Saved data entries:
(* Let $(\alpha,\beta)\in Q$. Then the GAFS sequence satisfies, for all $k\ge0$: (1) $Ax_{k+1}=b$; (2) $x_{k+1}>0$; (3) $c^Tx_{k+1}<c^Tx_k$.
   Context: Let $A\in\mathbb{R}^{m\times n}$ have rank $m$, $b\in\mathbb{R}^m$, $c\in\mathbb{R}^n$. Primal LP: $\min c^Tx$ s.t. $Ax=b$, $x\ge 0$; dual LP: $\max b^Ty$ s.t. $A^Ty+s=c$, $s\ge 0$. Standing assumptions: the primal has a strictly positive feasible point; $c^Tx$ is not constant on the primal feasible region; the LP has an optimal solution. For $u\in\mathbb{R}^n$, $\gamma(u)=\max\{u_i: u_i>0\}$; $\|\cdot\|$ is the Euclidean norm. For $x>0$, $X=\mathrm{diag}(x)$. GAFS sequence: fix $\alpha\in(0,1)$, $\beta\in[0,1)$, and $x_0>0$ with $Ax_0=b$. For $k\ge0$ let $X_k=\mathrm{diag}(x_k)$, $y_k=(AX_k^2A^T)^{-1}AX_k^2c$, $s_k=c-A^Ty_k$. Set $x_1=x_0-\alpha\frac{X_0^2s_0}{\gamma(X_0s_0)}$ and, for $k\ge1$, $x_{k+1}=x_k-\alpha\frac{X_k^2s_k}{\gamma(X_ks_k)}+\beta\frac{x_k-x_{k-1}}{\|X_k^{-1}(x_k-x_{k-1})\|_\infty}$ (it is assumed all quantities are well defined). $Q=\{(\alpha,\beta): 0<\alpha<1,\ 0\le\beta<1/\phi,\ \alpha+\beta\le 2/3\}$ with $\phi=(1+\sqrt5)/2$. *)

From HB Require Import structures.
From mathcomp Require Import all_boot all_order all_algebra.
Set Implicit Arguments. Unset Strict Implicit. Unset Printing Implicit Defensive.
Import Order.TTheory GRing.Theory Num.Theory.
Local Open Scope ring_scope.

Section GAFS.
Variables (R : rcfType) (m n : nat).
Implicit Types (x u : 'cV[R]_n).

Definition Xdiag x : 'M[R]_n := diag_mx x^T.
Definition Xinv x : 'M[R]_n := diag_mx (map_mx (fun t => t^-1) x^T).

(* gamma(u) = max { u_i : u_i > 0 } (0 if the set is empty; only used when it is not) *)
Definition gammaP u : R := \big[Num.max/0]_(i | 0 < u i 0) u i 0.
Definition infnorm u : R := \big[Num.max/0]_i `|u i 0|.
Definition dotv (v w : 'cV[R]_n) : R := (v^T *m w) 0 0.

Variables (A : 'M[R]_(m, n)) (b : 'cV[R]_m) (c : 'cV[R]_n).

Definition yk x : 'cV[R]_m :=
  invmx (A *m (Xdiag x ^+ 2) *m A^T) *m (A *m (Xdiag x ^+ 2) *m c).
Definition sk x : 'cV[R]_n := c - A^T *m yk x.

Definition as_step (alpha : R) x : 'cV[R]_n :=
  x - (alpha / gammaP (Xdiag x *m sk x)) *: (Xdiag x ^+ 2 *m sk x).

(* full step with momentum: x_{k+1} from x_{k-1} = xp and x_k = x *)
Definition mom_step (alpha beta : R) (xp x : 'cV[R]_n) : 'cV[R]_n :=
  as_step alpha x + (beta / infnorm (Xinv x *m (x - xp))) *: (x - xp).

(* gafs_pair k = (x_k, x_{k+1}) *)
Fixpoint gafs_pair (alpha beta : R) (x0 : 'cV[R]_n) (k : nat) : 'cV[R]_n * 'cV[R]_n :=
  match k with
  | O => (x0, as_step alpha x0)
  | S k' => let p := gafs_pair alpha beta x0 k' in (p.2, mom_step alpha beta p.1 p.2)
  end.

Definition gafs (alpha beta : R) (x0 : 'cV[R]_n) (k : nat) : 'cV[R]_n :=
  (gafs_pair alpha beta x0 k).1.

Definition primal_feasible x : Prop := A *m x = b /\ forall i, 0 <= x i 0.

(* "all quantities are well defined" along the sequence *)
Definition gafs_well_defined (alpha beta : R) (x0 : 'cV[R]_n) : Prop :=
  forall k : nat,
    let xk := gafs alpha beta x0 k in
    (A *m (Xdiag xk ^+ 2) *m A^T \in unitmx)
    /\ (exists i, 0 < (Xdiag xk *m sk xk) i 0)
    /\ (forall i, xk i 0 != 0)
    /\ ((0 < k)%N -> infnorm (Xinv xk *m (xk - gafs alpha beta x0 k.-1)) != 0).

End GAFS.

Definition phi (R : rcfType) : R := (1 + Num.sqrt 5) / 2.

Definition inQ (R : rcfType) (alpha beta : R) : Prop :=
  0 < alpha /\ alpha < 1 /\ 0 <= beta /\ beta < (phi R)^-1 /\ alpha + beta <= 2 / 3.

(** The affine-scaling direction [d = X^2 s] lies in the kernel of [A] and
    satisfies [c^T d = |X s|^2 > 0], so every step keeps [A x = b] and
    decreases [c^T x] by a positive multiple of [|X s|^2]; the momentum term
    [x_k - x_{k-1}] lies in the kernel of [A] as well and, by the previous
    decrease, does not increase [c^T x].  Normalising by [gamma(X s)] and by
    [|X^{-1}(x_k - x_{k-1})|_oo] makes the two corrections move each
    coordinate [x_i] by at most [alpha x_i] and [beta x_i] respectively, so
    positivity is kept as soon as [alpha + beta < 1]. *)
From HB Require Import structures.
From mathcomp Require Import all_boot all_order all_algebra.
From mathcomp Require Import ring lra.
Set Implicit Arguments. Unset Strict Implicit. Unset Printing Implicit Defensive.
Import Order.TTheory GRing.Theory Num.Theory.
Local Open Scope ring_scope.

Section Scaling.
Variables (R : rcfType) (n : nat).
Implicit Types (x v w : 'cV[R]_n).

Lemma Xdiag_mulmxE x v i : (Xdiag x *m v) i 0 = x i 0 * v i 0.
Proof. by rewrite /Xdiag mul_diag_mx !mxE. Qed.

Lemma Xinv_mulmxE x v i : (Xinv x *m v) i 0 = (x i 0)^-1 * v i 0.
Proof. by rewrite /Xinv mul_diag_mx !mxE. Qed.

Lemma Xdiag2_mulmx x v : Xdiag x ^+ 2 *m v = Xdiag x *m (Xdiag x *m v).
Proof. by rewrite expr2 -mulmxE mulmxA. Qed.

Lemma dotvE v w : dotv v w = \sum_i v i 0 * w i 0.
Proof. by rewrite /dotv mxE; apply: eq_bigr => i _; rewrite mxE. Qed.

Lemma dotvB v w1 w2 : dotv v (w1 - w2) = dotv v w1 - dotv v w2.
Proof. by rewrite /dotv mulmxBr [LHS]mxE [X in _ + X]mxE. Qed.

Lemma dotvD v w1 w2 : dotv v (w1 + w2) = dotv v w1 + dotv v w2.
Proof. by rewrite /dotv mulmxDr [LHS]mxE. Qed.

Lemma dotvZ v a w : dotv v (a *: w) = a * dotv v w.
Proof. by rewrite /dotv -scalemxAr [LHS]mxE. Qed.

Lemma dotv_Xdiag2 x v : dotv v (Xdiag x ^+ 2 *m v) = \sum_i (Xdiag x *m v) i 0 ^+ 2.
Proof.
rewrite dotvE; apply: eq_bigr => i _.
by rewrite Xdiag2_mulmx !Xdiag_mulmxE; ring.
Qed.

Lemma sum_sqr_gt0 w j : w j 0 != 0 -> 0 < \sum_i w i 0 ^+ 2.
Proof.
move=> wj; rewrite (bigD1 j) //= ltr_pwDl ?exprn_even_gt0 //.
by apply: sumr_ge0 => i _; exact: sqr_ge0.
Qed.

Lemma gammaP_ge w i : (exists j, 0 < w j 0) -> w i 0 <= gammaP w.
Proof.
case=> j wj; rewrite /gammaP.
have le_max k : 0 < w k 0 -> w k 0 <= \big[Num.max/0]_(i | 0 < w i 0) w i 0.
  exact: (@le_bigmax_cond _ R _ 0 k (fun i => 0 < w i 0) (fun i => w i 0)).
have [wi|wi] := ltP 0 (w i 0); first exact: le_max.
exact: le_trans wi (le_trans (ltW wj) (le_max j wj)).
Qed.

Lemma gammaP_gt0 w : (exists j, 0 < w j 0) -> 0 < gammaP w.
Proof. by move=> wpos; case: (wpos) => j wj; exact: lt_le_trans wj (gammaP_ge j wpos). Qed.

Lemma infnorm_ge w i : `|w i 0| <= infnorm w.
Proof. exact: (@le_bigmax _ R _ 0 (fun i => `|w i 0|) i). Qed.

Lemma infnorm_ge0 w : 0 <= infnorm w.
Proof. exact: bigmax_ge_id. Qed.

End Scaling.

Section Steps.
Variables (R : rcfType) (m n : nat) (A : 'M[R]_(m, n)) (c : 'cV[R]_n).
Variables (alpha beta : R) (xp x : 'cV[R]_n).
Hypotheses (AX2At_unit : A *m (Xdiag x ^+ 2) *m A^T \in unitmx)
  (Xs_pos : exists i, 0 < (Xdiag x *m sk A c x) i 0) (x_gt0 : forall i, 0 < x i 0).

Local Notation s := (sk A c x).
Local Notation w := (Xdiag x *m sk A c x).

Lemma mulmx_Xdiag2_sk : A *m (Xdiag x ^+ 2 *m s) = 0.
Proof.
rewrite /sk /yk mulmxBr mulmxBr.
set M := A *m Xdiag x ^+ 2 *m A^T.
have -> : A *m (Xdiag x ^+ 2 *m (A^T *m (invmx M *m (A *m Xdiag x ^+ 2 *m c))))
        = M *m (invmx M *m (A *m Xdiag x ^+ 2 *m c)) by rewrite !mulmxA.
by rewrite mulKVmx // mulmxA subrr.
Qed.

(* [y^T A X^2 s = 0] removes the [A^T y] part of [c = s + A^T y]. *)
Lemma dotv_Xdiag2_sk : dotv c (Xdiag x ^+ 2 *m s) = \sum_i w i 0 ^+ 2.
Proof.
rewrite -dotv_Xdiag2 -{1}(subrK (A^T *m yk A c x) c) -/s.
rewrite /dotv linearD /= mulmxDl trmx_mul trmxK -(mulmxA (yk A c x)^T A).
by rewrite mulmx_Xdiag2_sk mulmx0 addr0.
Qed.

Lemma mulmx_as_step : A *m as_step A c alpha x = A *m x.
Proof. by rewrite /as_step mulmxBr -scalemxAr mulmx_Xdiag2_sk scaler0 subr0. Qed.

Lemma as_step_ge i : 0 <= alpha -> (1 - alpha) * x i 0 <= as_step A c alpha x i 0.
Proof.
move=> alpha_ge0; rewrite /as_step 3!mxE Xdiag2_mulmx Xdiag_mulmxE.
have gamma_gt0 := gammaP_gt0 Xs_pos.
have ratio_le1 : w i 0 / gammaP w <= 1.
  by rewrite ler_pdivrMr // mul1r; exact: gammaP_ge.
have := ler_wpM2l (mulr_ge0 alpha_ge0 (ltW (x_gt0 i))) ratio_le1.
have -> : alpha / gammaP w * (x i 0 * w i 0) = alpha * x i 0 * (w i 0 / gammaP w)
  by ring.
lra.
Qed.

Lemma dotv_as_step_lt : 0 < alpha -> dotv c (as_step A c alpha x) < dotv c x.
Proof.
move=> alpha_gt0; rewrite /as_step dotvB dotvZ dotv_Xdiag2_sk.
have [j wj] := Xs_pos.
have decrease_gt0 : 0 < alpha / gammaP w * \sum_i w i 0 ^+ 2.
  by rewrite !mulr_gt0 ?invr_gt0 ?gammaP_gt0 ?(sum_sqr_gt0 (lt0r_neq0 wj)).
lra.
Qed.

Lemma mulmx_mom_step : A *m xp = A *m x -> A *m mom_step A c alpha beta xp x = A *m x.
Proof.
move=> Axp; rewrite /mom_step mulmxDr mulmx_as_step -scalemxAr.
by rewrite [A *m (x - xp)]mulmxBr Axp subrr scaler0 addr0.
Qed.

(* [N = |X^{-1}(x - xp)|_oo] bounds [(xp - x)_i / x_i], so the momentum term
   lowers [x_i] by at most [beta x_i]. *)
Lemma mom_step_ge i : 0 <= alpha -> 0 <= beta ->
    infnorm (Xinv x *m (x - xp)) != 0 ->
  (1 - alpha - beta) * x i 0 <= mom_step A c alpha beta xp x i 0.
Proof.
move=> alpha_ge0 beta_ge0 N_neq0; rewrite /mom_step mxE [X in _ <= _ + X]mxE.
have as_ge := as_step_ge i alpha_ge0.
set N := infnorm _ in N_neq0 *.
have N_gt0 : 0 < N by rewrite lt0r N_neq0 infnorm_ge0.
have := infnorm_ge (Xinv x *m (x - xp)) i; rewrite Xinv_mulmxE -/N.
set q := (x i 0)^-1 * _ => q_le.
have xi_gt0 := x_gt0 i.
have diffE : (x - xp) i 0 = x i 0 * q by rewrite /q mulrA mulfV ?mul1r // gt_eqF.
have ratio_ge : -1 <= q / N.
  by rewrite ler_pdivlMr //; move: q_le; rewrite ler_norml => /andP[? _]; lra.
have := ler_wpM2l (mulr_ge0 beta_ge0 (ltW xi_gt0)) ratio_ge.
have -> : beta / N * (x - xp) i 0 = beta * x i 0 * (q / N) by rewrite diffE; ring.
lra.
Qed.

Lemma dotv_mom_step_lt : 0 < alpha -> 0 <= beta -> dotv c x < dotv c xp ->
  dotv c (mom_step A c alpha beta xp x) < dotv c x.
Proof.
move=> alpha_gt0 beta_ge0 descent; rewrite /mom_step dotvD dotvZ dotvB.
have := dotv_as_step_lt alpha_gt0.
have : 0 <= beta / infnorm (Xinv x *m (x - xp)) by rewrite divr_ge0 ?infnorm_ge0.
set t := beta / _ => t_ge0.
have : t * (dotv c x - dotv c xp) <= 0 by rewrite mulr_ge0_le0 // subr_le0 ltW.
lra.
Qed.

End Steps.

Section Sequence.
Variables (R : rcfType) (m n : nat) (A : 'M[R]_(m, n)) (b : 'cV[R]_m) (c : 'cV[R]_n).
Variables (alpha beta : R) (x0 : 'cV[R]_n).
Hypotheses (alpha_gt0 : 0 < alpha) (beta_ge0 : 0 <= beta) (alpha_beta_lt1 : alpha + beta < 1).
Hypotheses (x0_gt0 : forall i, 0 < x0 i 0) (Ax0 : A *m x0 = b).
Hypothesis (wd : gafs_well_defined A c alpha beta x0).

Local Notation x := (gafs A c alpha beta x0).

Lemma gafs1 : x 1 = as_step A c alpha x0. Proof. by []. Qed.

Lemma gafsSS k : x k.+2 = mom_step A c alpha beta (x k) (x k.+1). Proof. by []. Qed.

Lemma gafs_feasible k : A *m x k = b.
Proof.
suff feas2 j : A *m x j = b /\ A *m x j.+1 = b by case: (feas2 k).
elim: j => [|j [Axj AxSj]].
  by have [unit0 _] := wd 0; rewrite gafs1 mulmx_as_step.
by have [unitSj _] := wd j.+1; rewrite gafsSS mulmx_mom_step ?Axj.
Qed.

Lemma gafs_gt0 k i : 0 < x k i 0.
Proof.
move: (beta_ge0) (alpha_beta_lt1) => b_ge0 ab_lt1.
elim: k i => [//|[|k] IHk] i.
  have [_ [Xs_pos _]] := wd 0.
  have := as_step_ge Xs_pos x0_gt0 i (ltW alpha_gt0).
  have : 0 < (1 - alpha) * x0 i 0 by apply: mulr_gt0; [lra | exact: x0_gt0].
  rewrite gafs1; lra.
have [_ [Xs_pos [_ N_neq0]]] := wd k.+1.
have := mom_step_ge (xp := x k) Xs_pos IHk i (ltW alpha_gt0) beta_ge0 (N_neq0 isT).
have : 0 < (1 - alpha - beta) * x k.+1 i 0 by apply: mulr_gt0; [lra | exact: IHk].
rewrite gafsSS; lra.
Qed.

Lemma gafs_decreasing k : dotv c (x k.+1) < dotv c (x k).
Proof.
elim: k => [|k IHk].
  by have [unit0 [Xs0_pos _]] := wd 0; rewrite gafs1 dotv_as_step_lt.
by have [unitSk [XsSk_pos _]] := wd k.+1; rewrite gafsSS dotv_mom_step_lt.
Qed.

End Sequence.

Theorem theorem2 (R : rcfType) (m n : nat)
  (A : 'M[R]_(m, n)) (b : 'cV[R]_m) (c : 'cV[R]_n)
  (alpha beta : R) (x0 : 'cV[R]_n) :
  \rank A = m ->
  (exists xs : 'cV[R]_n, A *m xs = b /\ forall i, 0 < xs i 0) ->
  (exists x1 x2 : 'cV[R]_n, primal_feasible A b x1 /\ primal_feasible A b x2 /\
       dotv c x1 != dotv c x2) ->
  (exists xo : 'cV[R]_n, primal_feasible A b xo /\
       forall x, primal_feasible A b x -> dotv c xo <= dotv c x) ->
  inQ alpha beta ->
  (forall i, 0 < x0 i 0) -> A *m x0 = b ->
  gafs_well_defined A c alpha beta x0 ->
  forall k : nat,
    A *m gafs A c alpha beta x0 k.+1 = b /\
    (forall i, 0 < gafs A c alpha beta x0 k.+1 i 0) /\
    dotv c (gafs A c alpha beta x0 k.+1) < dotv c (gafs A c alpha beta x0 k).
Proof.
move=> _ _ _ _ [alpha_gt0 [_ [beta_ge0 [_ alpha_beta_le]]]] x0_gt0 Ax0 wd k.
have alpha_beta_lt1 : alpha + beta < 1 by lra.
split; first exact: gafs_feasible.
split; first exact: gafs_gt0.
exact: gafs_decreasing.
Qed.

* [EXERCISE PROMPT]: Of the lines above, extract only those from the line with "have [j wj] := Xs_pos." to the line with "Section Sequence.", both included, exactly as written.

* [EXPECTED ANSWER]:
have [j wj] := Xs_pos.
have decrease_gt0 : 0 < alpha / gammaP w * \sum_i w i 0 ^+ 2.
  by rewrite !mulr_gt0 ?invr_gt0 ?gammaP_gt0 ?(sum_sqr_gt0 (lt0r_neq0 wj)).
lra.
Qed.

Lemma mulmx_mom_step : A *m xp = A *m x -> A *m mom_step A c alpha beta xp x = A *m x.
Proof.
move=> Axp; rewrite /mom_step mulmxDr mulmx_as_step -scalemxAr.
by rewrite [A *m (x - xp)]mulmxBr Axp subrr scaler0 addr0.
Qed.

(* [N = |X^{-1}(x - xp)|_oo] bounds [(xp - x)_i / x_i], so the momentum term
   lowers [x_i] by at most [beta x_i]. *)
Lemma mom_step_ge i : 0 <= alpha -> 0 <= beta ->
    infnorm (Xinv x *m (x - xp)) != 0 ->
  (1 - alpha - beta) * x i 0 <= mom_step A c alpha beta xp x i 0.
Proof.
move=> alpha_ge0 beta_ge0 N_neq0; rewrite /mom_step mxE [X in _ <= _ + X]mxE.
have as_ge := as_step_ge i alpha_ge0.
set N := infnorm _ in N_neq0 *.
have N_gt0 : 0 < N by rewrite lt0r N_neq0 infnorm_ge0.
have := infnorm_ge (Xinv x *m (x - xp)) i; rewrite Xinv_mulmxE -/N.
set q := (x i 0)^-1 * _ => q_le.
have xi_gt0 := x_gt0 i.
have diffE : (x - xp) i 0 = x i 0 * q by rewrite /q mulrA mulfV ?mul1r // gt_eqF.
have ratio_ge : -1 <= q / N.
  by rewrite ler_pdivlMr //; move: q_le; rewrite ler_norml => /andP[? _]; lra.
have := ler_wpM2l (mulr_ge0 beta_ge0 (ltW xi_gt0)) ratio_ge.
have -> : beta / N * (x - xp) i 0 = beta * x i 0 * (q / N) by rewrite diffE; ring.
lra.
Qed.

Lemma dotv_mom_step_lt : 0 < alpha -> 0 <= beta -> dotv c x < dotv c xp ->
  dotv c (mom_step A c alpha beta xp x) < dotv c x.
Proof.
move=> alpha_gt0 beta_ge0 descent; rewrite /mom_step dotvD dotvZ dotvB.
have := dotv_as_step_lt alpha_gt0.
have : 0 <= beta / infnorm (Xinv x *m (x - xp)) by rewrite divr_ge0 ?infnorm_ge0.
set t := beta / _ => t_ge0.
have : t * (dotv c x - dotv c xp) <= 0 by rewrite mulr_ge0_le0 // subr_le0 ltW.
lra.
Qed.

End Steps.

Section Sequence.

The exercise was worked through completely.